Pulsed Electric Field (PEF) biotechnology applications are used to generate pores in a cell membrane. If the induced pores are small, they can close again (reversible rupture). If the pores are very large, the membrane can no longer repair itself (irreversible rupture) and this results in sterilization. We have investigated and developed a new culture medium sterilization system in continuous mode to feed the Bioprocessor.
Microfluidics is the study and control of small volumes of liquids in microstructures. It allows experimentation with small (micro to nano liters) volumes reducing costs when using expensive reagents. It’s an extremely useful tool in biochemistry and physics. Its implementation requires the design of micro pumps, micro valves, mixers and other micro devices allowing the user to mix, transport, segregate and thermally homogenize fluids. Its advantages are the low reagent consumption, higher fluid control, less waste generation, faster response time and faster, easier and less expensive replication. The complexity requires specialized equipment and a highly skilled workforce.
In laminar flow, the fluid travels smoothly or in regular paths, in contrast to turbulent flow, in which the fluid undergoes irregular fluctuations and mixing.
Laminar flow occurs in cases where the flow channel is relatively small (in the tens of microns), the fluid is moving slowly, and its viscosity is relatively high.
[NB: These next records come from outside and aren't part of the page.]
Lemma mu_t_diff pi pi' mu t : is_policy pi -> is_policy pi' -> is_distr mu ->
  \rsum_(s : S) Rabs (mu_t P pi mu t s - mu_t P pi' mu t s) <= INR t * dd pi pi'.
Proof.
move=> hp hp' hm; elim: t => [|t IH]; rewrite ?S_INR /=.
  rewrite big1 => [|s _]; last by rewrite Rminus_diag Rabs_R0.
  by rewrite Rmult_0_l; lra.
set m := mu_t P pi mu t; set m' := mu_t P pi' mu t.
(* split  m P - m' P'  as  (m - m') P + m' (P - P') *)
apply: Rle_trans (_ : _ <= \rsum_(s' : S)
   (\rsum_(s : S) (Rabs (m s - m' s) * Ppi P pi s s')
    + \rsum_(s : S) (m' s * Rabs (Ppi P pi s s' - Ppi P pi' s s')))) _.
  apply: rsum_le => s'; rewrite -rsum_sub -rsum_add.
  apply: Rle_trans (rsum_abs _) _; apply: rsum_le => s.
  have -> : m s * Ppi P pi s s' - m' s * Ppi P pi' s s' =
     (m s - m' s) * Ppi P pi s s' + m' s * (Ppi P pi s s' - Ppi P pi' s s') by ring.
  apply: Rle_trans (Rabs_triang _ _) _; rewrite !Rabs_mult.
  rewrite (Rabs_right (Ppi P pi s s')); last by apply: Rle_ge; apply: Ppi_ge0.
  rewrite (Rabs_right (m' s)); last by apply: Rle_ge; apply: mu_t_ge0 => //; case: hm.
  lra.
rewrite rsum_add [X in X + _ <= _]exchange_big [X in _ + X <= _]exchange_big /=.
have -> : \rsum_(s : S) \rsum_(s' : S) (Rabs (m s - m' s) * Ppi P pi s s') =
    \rsum_(s : S) Rabs (m s - m' s).
  by apply: eq_bigr => s _; rewrite rsum_mull Ppi_sum // Rmult_1_r.
have : \rsum_(s : S) \rsum_(s' : S) (m' s * Rabs (Ppi P pi s s' - Ppi P pi' s s'))
       <= dd pi pi'.
  apply: rsum_le => s; rewrite rsum_mull.
  apply: Rle_trans
    (_ : _ <= 1 * \rsum_(s' : S) Rabs (Ppi P pi s s' - Ppi P pi' s s')) _.
    apply: Rmult_le_compat_r; first by apply: rsum_ge0 => x; apply: Rabs_pos.
    exact: mu_t_le1.
  by rewrite Rmult_1_l; apply: Ppi_diff.
by move: IH; rewrite -/m -/m'; nra.
Qed.
End MarkovChain.
Arguments mu_t_ge0 {S A P}. Arguments mu_t_sum {S A P}. Arguments mu_t_le1 {S A P}.
Arguments mu_t_diff {S A P}.

Section Geometric.
Variable gamma : R.
Hypothesis hg : 0 < gamma < 1.

Lemma geom_partial_le N : sum_f_R0 (fun t => 1 * gamma ^ t) N <= / (1 - gamma).
Proof.
rewrite (PartSum.sum_eq _ (fun t => gamma ^ t)) => [|i _]; last by ring.
rewrite tech3; last lra.
have h : 0 <= gamma ^ N.+1 by apply: pow_le; lra.
rewrite /Rdiv -[X in _ <= X]Rmult_1_l; apply: Rmult_le_compat_r; last lra.
by apply: Rlt_le; apply: Rinv_0_lt_compat; lra.
Qed.

Lemma tgeom_partial_eq N : sum_f_R0 (fun t => INR t * gamma ^ t) N * (1 - gamma) ^ 2 =
  gamma - INR N.+1 * gamma ^ N.+1 + INR N * gamma ^ N.+2.
Proof.
elim: N => [|N IH]; first by rewrite /=; ring.
by rewrite tech5 Rmult_plus_distr_r IH !S_INR; cbn [pow]; ring.
Qed.

Lemma tgeom_partial_le N :
  sum_f_R0 (fun t => INR t * gamma ^ t) N <= gamma / (1 - gamma) ^ 2.
Proof.
have hp : 0 < (1 - gamma) ^ 2 by apply: pow_lt; lra.
apply: (Rmult_le_reg_r ((1 - gamma) ^ 2)) => //.
rewrite tgeom_partial_eq /Rdiv Rmult_assoc Rinv_l; last lra.
have h1 : 0 <= gamma ^ N.+1 by apply: pow_le; lra.
have h2 : INR N * gamma ^ N.+2 <= INR N.+1 * gamma ^ N.+1.
  rewrite (S_INR N) [gamma ^ N.+2]/= -/(gamma ^ N.+1).
  have hN : 0 <= INR N by apply: pos_INR.
  have h3 : 0 <= INR N * gamma ^ N.+1 * (1 - gamma).
    by apply: Rmult_le_pos; [apply: Rmult_le_pos | lra].
  nra.
lra.
Qed.
End Geometric.
Arguments geom_partial_le {gamma}. Arguments tgeom_partial_le {gamma}.

Section Occupancy.
Variable gamma : R.
Hypothesis hg : 0 < gamma < 1.
Variables (S A : finType) (P : S -> A -> S -> R).
Hypothesis hP : is_transition P.

Lemma occ_series pi mu s : is_policy pi -> is_distr mu ->
  Un_cv (sum_f_R0 (fun t => gamma ^ t * mu_t P pi mu t s))
        (series_val (fun t => gamma ^ t * mu_t P pi mu t s)).
Proof.
move=> hp hm.
(* comparison with the geometric series, using 0 <= mu^(pi,t)_s <= 1 *)
have [l hl] : {l | Un_cv (sum_f_R0 (fun t => gamma ^ t * mu_t P pi mu t s)) l}.
  apply: (Rseries_CV_comp _ (fun t => 1 * gamma ^ t)).
    move=> n; have h0 := mu_t_ge0 hP pi mu n s hp (proj1 hm).
    have h1 := mu_t_le1 hP pi mu n s hp hm.
    have hg0 : 0 <= gamma ^ n by apply: pow_le; lra.
    split; nra.
  by exists (/ (1 - gamma)); apply: (GP_infinite gamma); rewrite Rabs_right; lra.
by apply: (epsilon_spec (inhabits R0)); exists l.
Qed.

Lemma occ_bounds pi mu s : is_policy pi -> is_distr mu ->
  0 <= occ P gamma pi mu s <= 1.
Proof.
move=> hp hm; have hl := occ_series pi mu s hp hm.
set l := series_val _ in hl *.
have hb n : 0 <= sum_f_R0 (fun t => gamma ^ t * mu_t P pi mu t s) n <= / (1 - gamma).
  split.
    apply: cond_pos_sum => t; apply: Rmult_le_pos; first by apply: pow_le; lra.
    exact: mu_t_ge0 hP _ _ _ _ hp (proj1 hm).
  apply: Rle_trans _ (geom_partial_le hg n); apply: sum_Rle => t _.
  have h0 := mu_t_ge0 hP pi mu t s hp (proj1 hm).
  have h1 := mu_t_le1 hP pi mu t s hp hm.
  have hg0 : 0 <= gamma ^ t by apply: pow_le; lra.
  nra.
have h0 : 0 <= l by apply: (lim_ge_c hl) => n; case: (hb n).
have h1 : l <= / (1 - gamma) by apply: (lim_le_c hl) => n; case: (hb n).
rewrite /occ -/l; split; first by apply: Rmult_le_pos; lra.
have : (1 - gamma) * l <= (1 - gamma) * / (1 - gamma) by apply: Rmult_le_compat_l; lra.
rewrite Rinv_r; lra.
Qed.

Lemma occ_lip pi pi' mu s : is_policy pi -> is_policy pi' -> is_distr mu ->
  Rabs (occ P gamma pi mu s - occ P gamma pi' mu s) <= gamma / (1 - gamma) * dd pi pi'.
Proof.
move=> hp hp' hm.
have h1 := occ_series pi mu s hp hm; have h2 := occ_series pi' mu s hp' hm.
set f := (fun t => gamma ^ t * mu_t P pi mu t s) in h1 *.
set g := (fun t => gamma ^ t * mu_t P pi' mu t s) in h2 *.
set lf := series_val f in h1 *; set lg := series_val g in h2 *.
have hd := dd_ge0 pi pi'.
(* termwise, |f t - g t| <= gamma^t * t * dd pi pi' *)
have hb n : Rabs (sum_f_R0 f n - sum_f_R0 g n) <= gamma / (1 - gamma) ^ 2 * dd pi pi'.
  rewrite -minus_sum; apply: Rle_trans (sum_f_R0_triangle _ _) _.
  apply: Rle_trans (_ : _ <= sum_f_R0 (fun t => INR t * gamma ^ t * dd pi pi') n) _.
    apply: sum_Rle => t _; rewrite /f /g -Rmult_minus_distr_l Rabs_mult.
    have hg0 : 0 <= gamma ^ t by apply: pow_le; lra.
    rewrite (Rabs_right (gamma ^ t)); last lra.
    have : Rabs (mu_t P pi mu t s - mu_t P pi' mu t s) <= INR t * dd pi pi'.
      apply: Rle_trans _ (mu_t_diff hP pi pi' mu t hp hp' hm).
      exact: (rsum_single (fun x => Rabs (mu_t P pi mu t x - mu_t P pi' mu t x)) s
                (fun x => Rabs_pos _)).
    nra.
  rewrite -scal_sum Rmult_comm; apply: Rmult_le_compat_r => //.
  exact: tgeom_partial_le.
have hlim : Rabs (lf - lg) <= gamma / (1 - gamma) ^ 2 * dd pi pi'.
  have h3 := CV_minus _ _ _ _ h1 h2.
  apply: Rabs_le; split.
    by apply: (lim_ge_c h3) => n; have /abs_le_inv := hb n; lra.
  by apply: (lim_le_c h3) => n; have /abs_le_inv := hb n; lra.
rewrite /occ -/f -/g -/lf -/lg -Rmult_minus_distr_l Rabs_mult Rabs_right; last lra.
have -> : gamma / (1 - gamma) = (1 - gamma) * (gamma / (1 - gamma) ^ 2) by field; lra.
by rewrite Rmult_assoc; apply: Rmult_le_compat_l; lra.
Qed.

(* mu^(pi) is a probability distribution: the total mass of every mu^(pi,t)
   is 1, so the total mass of mu^(pi) is (1-gamma) sum_t gamma^t = 1. *)
Lemma occ_sum pi mu : is_policy pi -> is_distr mu -> \rsum_(s : S) occ P gamma pi mu s = 1.
Proof.
move=> hp hm; rewrite /occ rsum_mull.
set L := \rsum_(s : S) _.
have h1 : Un_cv (fun N => \rsum_(s : S) sum_f_R0 (fun t => gamma ^ t * mu_t P pi mu t s) N) L.
  exact: (@cv_big S (index_enum S) (fun s => sum_f_R0 (fun t => gamma ^ t * mu_t P pi mu t s))
            (fun s => series_val (fun t => gamma ^ t * mu_t P pi mu t s))
            (fun s => occ_series pi mu s hp hm)).
have h2 : Un_cv (sum_f_R0 (fun t => 1 * gamma ^ t)) L.
  apply: cv_ext h1 _ => N; rewrite rsum_sumf; apply: PartSum.sum_eq => t _.
  by rewrite rsum_mull mu_t_sum // (proj2 hm) Rmult_1_r Rmult_1_l.
have h3 : Un_cv (sum_f_R0 (fun t => 1 * gamma ^ t)) (/ (1 - gamma)).
  by apply: (GP_infinite gamma); rewrite Rabs_right; lra.
by rewrite (UL_sequence _ _ _ h2 h3) Rinv_r //; lra.
Qed.
End Occupancy.
Arguments occ_bounds {gamma} hg {S A P} hP. Arguments occ_lip {gamma} hg {S A P} hP.
Arguments occ_sum {gamma} hg {S A P} hP.

Section Value.
Variable gamma : R.
Hypothesis hg : 0 < gamma < 1.
Variables (S A : finType) (P : S -> A -> S -> R).
Hypothesis hP : is_transition P.

Definition value (mu : S -> R) (w : S -> A -> R) (pi : S -> A -> R) : R :=
  \rsum_(s : S) \rsum_(a : A) Lambda P gamma pi mu s a * w s a.

Definition weight_norm (w : S -> A -> R) : R := \rsum_(s : S) \rsum_(a : A) Rabs (w s a).

(* Lambda = occ * pi, and both factors lie in [0,1] and are Lipschitz. *)
Lemma Lambda_lip pi pi' mu s a : is_policy pi -> is_policy pi' -> is_distr mu ->
  Rabs (Lambda P gamma pi mu s a - Lambda P gamma pi' mu s a) <=
  (gamma / (1 - gamma) + 1) * dd pi pi'.
Proof.
move=> hp hp' hm; rewrite /Lambda.
have -> : occ P gamma pi mu s * pi s a - occ P gamma pi' mu s * pi' s a =
  (occ P gamma pi mu s - occ P gamma pi' mu s) * pi s a +
  occ P gamma pi' mu s * (pi s a - pi' s a) by ring.
apply: Rle_trans (Rabs_triang _ _) _.
rewrite (Rabs_mult (_ - _)) (Rabs_mult (occ P gamma pi' mu s)).
rewrite (Rabs_right (pi s a)); last by apply: Rle_ge; case: hp.
have [o0 o1] := occ_bounds hg hP pi' mu s hp' hm.
rewrite (Rabs_right (occ P gamma pi' mu s)); last lra.
have h1 := occ_lip hg hP pi pi' mu s hp hp' hm.
have p0 := proj1 hp s a; have p1 := policy_le1 pi s a hp.
have h2 := abs_le_dd pi pi' s a.
have hd := dd_ge0 pi pi'.
have hk : 0 <= gamma / (1 - gamma).
  by apply: Rmult_le_pos; [lra | apply: Rlt_le; apply: Rinv_0_lt_compat; lra].
have hda := Rabs_pos (pi s a - pi' s a).
have hdo := Rabs_pos (occ P gamma pi mu s - occ P gamma pi' mu s).
nra.
Qed.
The flow of honey through a thin tube or blood flow through a capillary are clear examples of laminar flow.
Crystal Lattices are symmetrical units with three-dimensional patterns which upon being repeated in regular intervals, create Crystallographic structures. These structures are widely studied in diverse areas of science and technology. We are able to print these structures with our innovative 3D printer filling any desired topology, thus creating a network of micro channels that we called Crystallographic Microvasculature.